=== Required action ===
Every line from the one containing "Local Open Scope ring_scope." to the end of the records below, written out word for word, is the whole answer.

The data: Begin

(* Let $\mathsf{G}$ be a connected undirected graph on $N=\{1,\dots,n\}$ with edge set $E$ and symmetric positive edge weights $w_{ij}=w_{ji}>0$ for $\{i,j\}\in E$, and let $\mathbf{L}$ be its Laplacian, so that the symmetric irreducible consensus system reads $\dot x_i=\sum_{j:\{i,j\}\in E}w_{ij}(x_j-x_i)$, i.e. $\dot{\bm{x}}=-\mathbf{L}\bm{x}$. Fix $\alpha>0$ and let $M(\alpha)=\{\bm{x}\in\mathbb{R}^n_{>0}:\ \frac1n\sum_{i=1}^n x_i=\alpha\}$. For $\bm{x}\in M(\alpha)$ set $\bm{\rho}=\bm{x}/\alpha$. Let $H:\mathbb{R}_{>0}\to\mathbb{R}$ be a strictly convex $C^2$ function with $H''>0$, write $h=H'$, and let $$V(\bm{x})=\alpha\sum_{i=1}^n H(\rho_i)=\alpha\sum_{i=1}^n H(x_i/\alpha).$$ For $a,b>0$ define $K_h(a,b)=\dfrac{a-b}{h(a)-h(b)}$ if $a\neq b$ and $K_h(a,a)=1/H''(a)$. Define the $n\times n$ matrix $\mathbf{G}^{-1}(\bm{x})$ by $[\mathbf{G}^{-1}(\bm{x})]_{ij}=-\alpha\,w_{ij}K_h(\rho_i,\rho_j)$ for $\{i,j\}\in E$, $[\mathbf{G}^{-1}(\bm{x})]_{ij}=0$ for $i\ne j$ with $\{i,j\}\notin E$, and $[\mathbf{G}^{-1}(\bm{x})]_{ii}=\sum_{j:\{i,j\}\in E}\alpha\,w_{ij}K_h(\rho_i,\rho_j)$. Then for every $\bm{x}\in M(\alpha)$, $\mathbf{G}^{-1}(\bm{x})$ is a symmetric positive semidefinite matrix with kernel $\{c\bm{1}:c\in\mathbb{R}\}$, its entries depend continuously on $\bm{x}$, and $$-\mathbf{L}\bm{x}=-\mathbf{G}^{-1}(\bm{x})\,\nabla V(\bm{x}).$$ That is, the consensus dynamics on $M(\alpha)$ is a gradient descent flow of $V$ with respect to the (Riemannian) structure defined by $\mathbf{G}^{-1}(\cdot)$.
   Context: The Laplacian of the weighted undirected graph is $\mathbf{L}=[l_{ij}]$ with $l_{ij}=-w_{ij}$ for $\{i,j\}\in E$, $l_{ij}=0$ for other $i\ne j$, and $l_{ii}=\sum_{j:\{i,j\}\in E}w_{ij}$. The consensus value of $\bm{x}(0)\in M(\alpha)$ is $\alpha$, and $M(\alpha)$ is invariant under the dynamics. The gradient $\nabla V$ is the Euclidean gradient with respect to $\bm{x}$, so $\partial V/\partial x_i=H'(\rho_i)$. *)

From HB Require Import structures.
From mathcomp Require Import all_boot all_order all_algebra.
From mathcomp Require Import all_classical all_reals all_analysis.
Set Implicit Arguments. Unset Strict Implicit. Unset Printing Implicit Defensive.
Import Order.TTheory GRing.Theory Num.Theory.
Import numFieldNormedType.Exports.
Local Open Scope ring_scope.
Local Open Scope classical_set_scope.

The data: End

=== Written response ===
Local Open Scope ring_scope.
Local Open Scope classical_set_scope.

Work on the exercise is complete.